## Given data
+++

(* Let $\mathcal{H}=(V,\vec H,\bm{w})$ be a finite, loopless, strongly connected, weighted directed hypergraph with $|V|\ge2$, and let $h=(A_h,B_h)\in\vec H$ with $B_h=\{y_1,\dots,y_m\}$. Then for every $\alpha\in[0,1]$, $$\kappa_\alpha(h)\le\frac{1-\alpha}{L(h)}\left(\frac{1}{m}\sum_{j=1}^m C(y_j,\bm{w})+\mathrm{diam}(\mathcal{H})\right),$$ where $C(y_j,\bm w)$ is defined below.
   Context: A weighted directed hypergraph $(V,\vec H,\bm{w})$ has a finite vertex set $V$, a finite set $\vec H$ of hyperedges, each an ordered pair $h=(A_h,B_h)$ of nonempty subsets of $V$, and positive weights $w_h>0$. It is loopless if $A_h\cap B_h=\emptyset$ for all $h$. A directed path from $u$ to $v$ is a sequence of hyperedges $h_1,\dots,h_l$ with $u\in A_{h_1}$, $v\in B_{h_l}$ and $B_{h_j}\cap A_{h_{j+1}}\ne\emptyset$; strongly connected means a directed path exists from $u$ to $v$ for all distinct $u,v$. Quasi-distance: $d(u,v)=\inf_\gamma\sum_{h\in\gamma}w_h$ over directed paths from $u$ to $v$ ($u\neq v$), $d(u,u)=0$; $\mathrm{diam}(\mathcal{H})=\max_{u,v}d(u,v)$. $L(h)=\min_{x\in A_h,y\in B_h}d(x,y)$. $\Gamma^{in}(v)=\{z:\exists h'\text{ with }v\in B_{h'},z\in A_{h'}\}$, $\Gamma^{out}(v)=\{z:\exists h'\text{ with }v\in A_{h'},z\in B_{h'}\}$. For $h$ with $A_h=\{x_1,\dots,x_n\}$, $B_h=\{y_1,\dots,y_m\}$, $\alpha\in[0,1]$: $\mu^\alpha_{A_h}=\sum_i\mu^\alpha_{x_i}$ with $\mu^\alpha_{x_i}(x_i)=\alpha/n$, $\mu^\alpha_{x_i}(z)=(1-\alpha)\sum_{h':x_i\in B_{h'},z\in A_{h'}}\frac{1}{n|A_{h'}|}\frac{w_{h'}}{\sum_{h'':x_i\in B_{h''}}w_{h''}}$ for $z\in\Gamma^{in}(x_i)$, $0$ otherwise; $\mu^\alpha_{B_h}=\sum_j\mu^\alpha_{y_j}$ with $\mu^\alpha_{y_j}(y_j)=\alpha/m$, $\mu^\alpha_{y_j}(z)=(1-\alpha)\sum_{h':y_j\in A_{h'},z\in B_{h'}}\frac{1}{m|B_{h'}|}\frac{w_{h'}}{\sum_{h'':y_j\in A_{h''}}w_{h''}}$ for $z\in\Gamma^{out}(y_j)$, $0$ otherwise. $W(\mu,\nu)=\inf_\pi\sum_{u,v}\pi(u,v)d(u,v)$ over couplings $\pi$ with $\sum_v\pi(u,v)=\mu(u)$, $\sum_u\pi(u,v)=\nu(v)$. $\kappa_\alpha(h)=1-W(\mu^\alpha_{A_h},\mu^\alpha_{B_h})/L(h)$. Definition of $C$: let $d(A_h,z)=\min_{x\in A_h}d(x,z)$. For $y\in B_h$ set $\Gamma^-_y=\{z\in\Gamma^{out}(y):d(A_h,z)<d(A_h,y)\}$, $\Gamma^+_y=\{z\in\Gamma^{out}(y):d(A_h,z)>d(A_h,y)\}$; $C_1(y)=d(A_h,y)-\min_{z\in\Gamma^-_y}d(A_h,z)$ (or $0$ if $\Gamma^-_y=\emptyset$), $C_2(y)=\min_{z\in\Gamma^+_y}d(A_h,z)-d(A_h,y)$ (or $0$ if $\Gamma^+_y=\emptyset$), and $$C(y,\bm w)=\frac{C_1(y)\sum_{z\in\Gamma^-_y}\sum_{h':y\in A_{h'},z\in B_{h'}}\frac{w_{h'}}{|B_{h'}|}-C_2(y)\sum_{z\in\Gamma^+_y}\sum_{h':y\in A_{h'},z\in B_{h'}}\frac{w_{h'}}{|B_{h'}|}}{\sum_{h':y\in A_{h'}}w_{h'}}.$$ *)

From HB Require Import structures.
From mathcomp Require Import all_boot all_order all_algebra.
From mathcomp Require Import classical_sets reals.
Set Implicit Arguments. Unset Strict Implicit. Unset Printing Implicit Defensive.
Import Order.TTheory GRing.Theory Num.Theory.
Local Open Scope classical_set_scope.
Local Open Scope ring_scope.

+++

In full and without alteration, copy the entries.

## Answer box
(* Let $\mathcal{H}=(V,\vec H,\bm{w})$ be a finite, loopless, strongly connected, weighted directed hypergraph with $|V|\ge2$, and let $h=(A_h,B_h)\in\vec H$ with $B_h=\{y_1,\dots,y_m\}$. Then for every $\alpha\in[0,1]$, $$\kappa_\alpha(h)\le\frac{1-\alpha}{L(h)}\left(\frac{1}{m}\sum_{j=1}^m C(y_j,\bm{w})+\mathrm{diam}(\mathcal{H})\right),$$ where $C(y_j,\bm w)$ is defined below.
   Context: A weighted directed hypergraph $(V,\vec H,\bm{w})$ has a finite vertex set $V$, a finite set $\vec H$ of hyperedges, each an ordered pair $h=(A_h,B_h)$ of nonempty subsets of $V$, and positive weights $w_h>0$. It is loopless if $A_h\cap B_h=\emptyset$ for all $h$. A directed path from $u$ to $v$ is a sequence of hyperedges $h_1,\dots,h_l$ with $u\in A_{h_1}$, $v\in B_{h_l}$ and $B_{h_j}\cap A_{h_{j+1}}\ne\emptyset$; strongly connected means a directed path exists from $u$ to $v$ for all distinct $u,v$. Quasi-distance: $d(u,v)=\inf_\gamma\sum_{h\in\gamma}w_h$ over directed paths from $u$ to $v$ ($u\neq v$), $d(u,u)=0$; $\mathrm{diam}(\mathcal{H})=\max_{u,v}d(u,v)$. $L(h)=\min_{x\in A_h,y\in B_h}d(x,y)$. $\Gamma^{in}(v)=\{z:\exists h'\text{ with }v\in B_{h'},z\in A_{h'}\}$, $\Gamma^{out}(v)=\{z:\exists h'\text{ with }v\in A_{h'},z\in B_{h'}\}$. For $h$ with $A_h=\{x_1,\dots,x_n\}$, $B_h=\{y_1,\dots,y_m\}$, $\alpha\in[0,1]$: $\mu^\alpha_{A_h}=\sum_i\mu^\alpha_{x_i}$ with $\mu^\alpha_{x_i}(x_i)=\alpha/n$, $\mu^\alpha_{x_i}(z)=(1-\alpha)\sum_{h':x_i\in B_{h'},z\in A_{h'}}\frac{1}{n|A_{h'}|}\frac{w_{h'}}{\sum_{h'':x_i\in B_{h''}}w_{h''}}$ for $z\in\Gamma^{in}(x_i)$, $0$ otherwise; $\mu^\alpha_{B_h}=\sum_j\mu^\alpha_{y_j}$ with $\mu^\alpha_{y_j}(y_j)=\alpha/m$, $\mu^\alpha_{y_j}(z)=(1-\alpha)\sum_{h':y_j\in A_{h'},z\in B_{h'}}\frac{1}{m|B_{h'}|}\frac{w_{h'}}{\sum_{h'':y_j\in A_{h''}}w_{h''}}$ for $z\in\Gamma^{out}(y_j)$, $0$ otherwise. $W(\mu,\nu)=\inf_\pi\sum_{u,v}\pi(u,v)d(u,v)$ over couplings $\pi$ with $\sum_v\pi(u,v)=\mu(u)$, $\sum_u\pi(u,v)=\nu(v)$. $\kappa_\alpha(h)=1-W(\mu^\alpha_{A_h},\mu^\alpha_{B_h})/L(h)$. Definition of $C$: let $d(A_h,z)=\min_{x\in A_h}d(x,z)$. For $y\in B_h$ set $\Gamma^-_y=\{z\in\Gamma^{out}(y):d(A_h,z)<d(A_h,y)\}$, $\Gamma^+_y=\{z\in\Gamma^{out}(y):d(A_h,z)>d(A_h,y)\}$; $C_1(y)=d(A_h,y)-\min_{z\in\Gamma^-_y}d(A_h,z)$ (or $0$ if $\Gamma^-_y=\emptyset$), $C_2(y)=\min_{z\in\Gamma^+_y}d(A_h,z)-d(A_h,y)$ (or $0$ if $\Gamma^+_y=\emptyset$), and $$C(y,\bm w)=\frac{C_1(y)\sum_{z\in\Gamma^-_y}\sum_{h':y\in A_{h'},z\in B_{h'}}\frac{w_{h'}}{|B_{h'}|}-C_2(y)\sum_{z\in\Gamma^+_y}\sum_{h':y\in A_{h'},z\in B_{h'}}\frac{w_{h'}}{|B_{h'}|}}{\sum_{h':y\in A_{h'}}w_{h'}}.$$ *)

From HB Require Import structures.
From mathcomp Require Import all_boot all_order all_algebra.
From mathcomp Require Import classical_sets reals.
Set Implicit Arguments. Unset Strict Implicit. Unset Printing Implicit Defensive.
Import Order.TTheory GRing.Theory Num.Theory.
Local Open Scope classical_set_scope.
Local Open Scope ring_scope.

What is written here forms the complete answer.